Christiane Ohaus hat den Roman mit gleich drei Erzählerfiguren ausgestattet: Burghart Klaußner, Astrid Meyerfeldt und Werner Wölbern, wobei die beiden Letzteren für insgesamt 14 als „Chroniken“ etikettierte Einschübe zuständig sind. Im epischen Ausmaß der fast neunstündigen Hörspielfassung, die für das Radio zu sechs 90-minütigen Folgen und für die ARD-Audiothek in zwölf 45-minütige Episoden konfektioniert wurde, funktioniert die Aufteilung der Erzähler erstaunlich gut. Die „Chroniken“, in denen die Verhältnisse beschrieben sind, denen die landflüchtigen Familien unterworfen werden, sind ebenso dialogisch angelegt wie die Rahmenerzählung. Mal geht es um die Technik (in „Traktor“), mal um die Notwendigkeit, alle Besitztümer zu verramschen (in „Aufbruch“), mal um die Infrastruktur (in „Route 66“), die den Weg bestimmt, den man einzuschlagen gezwungen ist. „Woher haben sie diesen Mut? Woher haben sie diesen furchtbaren Glauben?“, fragt die Erzählerin.
Ursachen und Wirkungen
Parallel zur Verzweiflung der Ausgebeuteten wächst die Unruhe – auch das ein Stichwort in den „Chroniken“ – unter den Besitzenden: „Wenn du weißt, dass Paine, Marx, Jefferson, Lenin Wirkungen, nicht Ursachen waren, wirst du vielleicht überleben“, ist einer dieser Sätze, die Steinbeck den Ausbeutern ins Stammbuch schreibt, die den Menschen nicht als Zweck, sondern bloß als Mittel begreifen.
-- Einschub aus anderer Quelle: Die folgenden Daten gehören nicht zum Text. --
(* Let $G=(V,E)$ be a simple connected undirected graph with $n\ge 2$ vertices and let $S$ be the output of Algorithm Stage-One on $G$. Then $S\setminus V(G(P_S))$ is an independent set of $G$, and every vertex of $S\setminus V(G(P_S))$ has a neighbor in $V\setminus S$.
   Context: For $v\in V$, $N(v)=\{u\in V:(u,v)\in E\}$; for $U\subseteq V$, $N(U)=\{v\in V\setminus U: v \text{ has a neighbor in } U\}$. Algorithm Stage-One: set $S_0=\emptyset$ and $h=0$. While $S_h$ is not a dominating set of $G$: increase $h$ by one; for each $v\in V\setminus S_{h-1}$ its active degree is $|N(v)\setminus (S_{h-1}\cup N(S_{h-1}))|$; if the maximum active degree over $V\setminus S_{h-1}$ is positive, let $v_h$ be any vertex of $V\setminus S_{h-1}$ of maximum active degree, otherwise let $v_h$ be any vertex of $V\setminus(S_{h-1}\cup N(S_{h-1}))$; set $S_h=S_{h-1}\cup\{v_h\}$. The output is $S=S_p=\{v_1,\dots,v_p\}$. For $h\in\{1,\dots,p\}$, let $S(h)=N(v_h)\setminus(S_{h-1}\cup N(S_{h-1}))$. The set of tied pairs is $P_S=\{(v_h,v): h\in\{1,\dots,p\},\ v\in S\cap S(h)\}$. $G(P_S)$ is the subgraph of $G$ whose edges are the tied pairs and whose vertices are the endpoints of tied pairs; $V(G(P_S))$ is its vertex set. An independent set is a set of pairwise non-adjacent vertices. *)

From mathcomp Require Import all_boot.
Set Implicit Arguments. Unset Strict Implicit. Unset Printing Implicit Defensive.

Section Graph.
Variables (T : finType) (e : rel T).

Definition simple_graph := symmetric e /\ irreflexive e.
Definition connected_graph := forall x y : T, connect e x y.

Definition nbh (v : T) : {set T} := [set u | e u v].
Definition nbhS (U : {set T}) : {set T} :=
  [set v | (v \notin U) && [exists u in U, e u v]].

Definition dominating (D : {set T}) : bool := D :|: nbhS D == setT.

Definition active_deg (Sprev : {set T}) (v : T) : nat :=
  #|nbh v :\: (Sprev :|: nbhS Sprev)|.

(* v is a legal choice of v_h given S_{h-1} = Sprev *)
Definition legal_step (Sprev : {set T}) (v : T) : Prop :=
  v \notin Sprev /\
  ( ((exists2 w, w \notin Sprev & 0 < active_deg Sprev w) /\
     (forall w, w \notin Sprev -> active_deg Sprev w <= active_deg Sprev v))
  \/
    ((forall w, w \notin Sprev -> active_deg Sprev w = 0) /\
     v \notin Sprev :|: nbhS Sprev) ).

(* stage_one_run Sprev s : starting from current set Sprev, the algorithm
   chooses successively the vertices of s and then stops. *)
Fixpoint stage_one_run (Sprev : {set T}) (s : seq T) : Prop :=
  match s with
  | [::] => dominating Sprev
  | v :: s' => ~~ dominating Sprev /\ legal_step Sprev v /\
               stage_one_run (v |: Sprev) s'
  end.

Definition stage_one_output (s : seq T) : Prop := stage_one_run set0 s.

Definition prefix_set (s : seq T) (h : nat) : {set T} := [set x in take h s].

(* S(h+1) (0-indexed h) = N(v_{h+1}) \ (S_h ∪ N(S_h)) *)
Definition Sof (s : seq T) (h : nat) (vh : T) : {set T} :=
  nbh vh :\: (prefix_set s h :|: nbhS (prefix_set s h)).

(* (u, v) is a tied pair: u = v_h and v ∈ S ∩ S(h) for some h *)
Definition tied (s : seq T) (u v : T) : bool :=
  [exists h : 'I_(size s), (nth u s h == u) &&
     (v \in [set x in s] :&: Sof s h u)].

(* V(G(P_S)) : endpoints of tied pairs *)
Definition tied_vertices (s : seq T) : {set T} :=
  [set x | [exists y, tied s x y || tied s y x]].

Definition independent (I : {set T}) : Prop :=
  forall x y, x \in I -> y \in I -> ~~ e x y.

End Graph.

From mathcomp Require Import all_boot.

(* If v_j has an earlier neighbour in S, then for the first such neighbour
   v_m the vertex v_j is still uncovered at step m, so (v_m, v_j) is a tied
   pair.  Hence a vertex of S outside V(G(P_S)) has no earlier neighbour in S,
   which gives independence, and it is uncovered when it is chosen.  Being
   uncovered with a neighbour w (connectivity, n >= 2), it makes the active
   degree of w positive, so it was chosen with positive active degree: it has
   a neighbour y in S(h), and y lies outside S since otherwise (v_h, y) would
   be a tied pair. *)

Section StageOne.
Context {T : finType} {e : rel T}.

Lemma stage_one_run_spec (P : {set T}) (s : seq T) :
  stage_one_run e P s ->
  [/\ uniq s, all (fun x => x \notin P) s &
   forall i x0, i < size s -> legal_step e (P :|: prefix_set s i) (nth x0 s i)].
Proof.
elim: s P => [|v s IH] P /=; first by split.
move=> [_ [legal_v run_s]]; have [uniq_s fresh_s legal_s] := IH _ run_s.
have v_notin_P : v \notin P by case: legal_v.
split.
- rewrite uniq_s andbT; apply/negP => v_in_s.
  by move/allP: fresh_s => /(_ v v_in_s); rewrite !inE eqxx.
- rewrite v_notin_P; apply/allP => x x_in_s.
  by move/allP: fresh_s => /(_ x x_in_s); rewrite !inE negb_or => /andP [].
- case=> [|i] x0 lt_i_s /=.
    rewrite (_ : P :|: prefix_set (v :: s) 0 = P) //.
    by apply/setP => z; rewrite !inE take0 orbF.
  rewrite (_ : P :|: prefix_set (v :: s) i.+1 = (v |: P) :|: prefix_set s i).
    exact: legal_s.
  by apply/setP => z; rewrite !inE orbA [(z == v) || _]orbC.
Qed.

Lemma stage_one_output_spec (s : seq T) :
  stage_one_output e s ->
  uniq s /\ forall i x0, i < size s -> legal_step e (prefix_set s i) (nth x0 s i).
Proof.
case/stage_one_run_spec=> uniq_s _ legal_s; split=> // i x0.
by rewrite -[prefix_set _ _]set0U; apply: legal_s.
Qed.

Lemma legal_step_active_deg_gt0 {P : {set T}} {v w : T} :
  legal_step e P v -> w \notin P -> 0 < active_deg e P w -> 0 < active_deg e P v.
Proof.
case=> _ [[_ max_v] | [deg0 _]] w_notin_P deg_w; last by rewrite deg0 in deg_w.
exact: leq_trans (max_v w _).
Qed.

Lemma active_deg_gt0 {P : {set T}} {x w : T} :
  e x w -> x \notin P :|: nbhS e P -> 0 < active_deg e P w.
Proof. by move=> exw x_unc; apply/card_gt0P; exists x; rewrite in_setD x_unc inE. Qed.

Hypothesis e_sym : symmetric e.

Lemma tied_of_earlier_nbr {s : seq T} {x y : T} :
  uniq s -> x \in s -> index y s < index x s -> e y x -> x \in tied_vertices e s.
Proof.
move=> uniq_s x_in_s lt_yx eyx.
have y_in_s : y \in s by rewrite -index_mem (ltn_trans lt_yx) ?index_mem.
have ex_nbr : exists k, (k < index x s) && e (nth x s k) x.
  by exists (index y s); rewrite lt_yx nth_index.
case: (ex_minnP ex_nbr) => m /andP [lt_mx emx] min_m.
have lt_m_s : m < size s by rewrite (ltn_trans lt_mx) ?index_mem.
have x_notin_pre : x \notin take m s.
  by apply/negP => /index_ltn /(ltn_trans lt_mx); rewrite ltnn.
rewrite inE; apply/existsP; exists (nth x s m); apply/orP; right.
apply/existsP; exists (Ordinal lt_m_s).
rewrite /= (set_nth_default x) // eqxx /= !inE x_in_s e_sym emx /=.
rewrite andbT negb_or x_notin_pre /=; apply/existsP => -[u /andP [u_pre eux]].
rewrite inE in u_pre; have u_in_s := mem_take u_pre.
have := min_m (index u s); rewrite nth_index // eux andbT.
rewrite (ltn_trans (index_ltn u_pre) lt_mx) => /(_ isT).
by rewrite leqNgt index_ltn.
Qed.

Lemma nontied_independent (s : seq T) :
  irreflexive e -> uniq s -> independent e ([set x in s] :\: tied_vertices e s).
Proof.
move=> e_irr uniq_s x y /setDP [+ x_nt] /setDP [+ y_nt].
rewrite !inE => x_in_s y_in_s.
apply/negP => exy.
case: (ltngtP (index x s) (index y s)) => [lt_xy | lt_yx | eq_xy].
- by rewrite (tied_of_earlier_nbr uniq_s y_in_s lt_xy exy) in y_nt.
- by rewrite e_sym in exy; rewrite (tied_of_earlier_nbr uniq_s x_in_s lt_yx exy) in x_nt.
- by move: exy; rewrite -(nth_index x x_in_s) eq_xy nth_index // e_irr.
Qed.

Lemma nontied_uncovered (s : seq T) (x : T) :
  uniq s -> x \in s -> x \notin tied_vertices e s ->
  x \notin prefix_set s (index x s) :|: nbhS e (prefix_set s (index x s)).
Proof.
move=> uniq_s x_in_s x_nt.
have x_notin_pre : x \notin prefix_set s (index x s).
  by rewrite inE; apply/negP => /index_ltn; rewrite ltnn.
rewrite in_setU negb_or x_notin_pre inE x_notin_pre /=.
apply/existsP => -[u /andP [u_pre eux]]; rewrite inE in u_pre.
by rewrite (tied_of_earlier_nbr uniq_s x_in_s (index_ltn u_pre) eux) in x_nt.
Qed.

Lemma connected_has_nbr (x : T) : connected_graph e -> 1 < #|T| -> exists w, e x w.
Proof.
move=> conn /card_gt1P [a [b [_ _ neq_ab]]].
have [z neq_zx] : exists z, z != x.
  by case: (eqVneq a x) => [<-|]; [exists b; rewrite eq_sym | exists a].
move/connectP: (conn x z) => [[|w p] /= path_xz last_z].
  by rewrite last_z eqxx in neq_zx.
by case/andP: path_xz; exists w.
Qed.

Lemma nontied_has_outer_nbr {s : seq T} {x : T} :
  connected_graph e -> 1 < #|T| ->
  uniq s -> (forall i x0, i < size s -> legal_step e (prefix_set s i) (nth x0 s i)) ->
  x \in s -> x \notin tied_vertices e s -> exists2 y, y \notin s & e x y.
Proof.
move=> conn card_T uniq_s legal_s x_in_s x_nt.
set Sp := prefix_set s (index x s).
have x_unc : x \notin Sp :|: nbhS e Sp by apply: nontied_uncovered.
have [w exw] := connected_has_nbr x conn card_T.
have w_notin_Sp : w \notin Sp.
  move: x_unc; rewrite in_setU negb_or => /andP [x_notin_Sp]; apply: contra => w_in_Sp.
  by rewrite inE x_notin_Sp; apply/existsP; exists w; rewrite w_in_Sp e_sym.
have lt_x_s : index x s < size s by rewrite index_mem.
have legal_x := legal_s _ x lt_x_s; rewrite nth_index // in legal_x.
have /card_gt0P [y y_Sx] :=
  legal_step_active_deg_gt0 legal_x w_notin_Sp (active_deg_gt0 exw x_unc).
exists y; last by move: y_Sx; rewrite !inE e_sym => /andP [].
apply: contra x_nt => y_in_s; rewrite inE; apply/existsP; exists y; apply/orP; left.
apply/existsP; exists (Ordinal lt_x_s); rewrite /= nth_index // eqxx /=.
by rewrite in_setI inE y_in_s.
Qed.

End StageOne.

Theorem mainTheorem5 (T : finType) (e : rel T) (s : seq T) :
  simple_graph e -> connected_graph e -> 1 < #|T| ->
  stage_one_output e s ->
  let S := [set x in s] in
  independent e (S :\: tied_vertices e s) /\
  (forall x, x \in S :\: tied_vertices e s ->
     exists2 y, y \in ~: S & e x y).
Proof.
move=> [e_sym e_irr] conn card_T /stage_one_output_spec [uniq_s legal_s] S.
split; first exact: nontied_independent.
move=> x /setDP [+ x_nt]; rewrite inE => x_in_s.
have [y y_out exy] :=
  nontied_has_outer_nbr e_sym conn card_T uniq_s legal_s x_in_s x_nt.
by exists y; rewrite // !inE.
Qed.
Kurz bevor die Joads Kalifornien erreichen, kann man im Chronikeintrag „Weltenbauer“ hören, wie sich eine solidarische Gesellschaft entwickelt. Doch da kommen schon die ersten Rückkehrer vorbei, die lieber mit Leuten verhungern wollen, die sie kennen, als unter solchen, die sie hassen. Nach einer kurzen Verschnaufpause in einem staatlichen Lager sehen sich die Joads zum Schluss wieder den lohndrückerischen Marktgesetzen unterworfen – und natürlich geht das nicht gut aus.
Mit dem prominent besetzten Ensemble von Gustav Peter Wöhler, Lars Rudolph, Barbara Nüsse, Hedi Kriegeskotte, Johanna Gastorf, Rainer Bock und vielen anderen der etwa 50 Rollen, die hier zu nennen wären, ist ein Hörspiel entstanden, das nicht als Zweitverwertung einer literarischen Vorlage daherkommt, sondern sich in der textlichen wie musikalischen Gestaltung als Kunstwerk aus eigenem Recht behaupten kann und die Erschütterungen der Zeit hör- und fühlbar macht. Man fragt sich unwillkürlich, warum man den Weg, der schon in den 1930er Jahren als Sackgasse erkannt wurde, heute mit verschärftem Tempo weitergeht.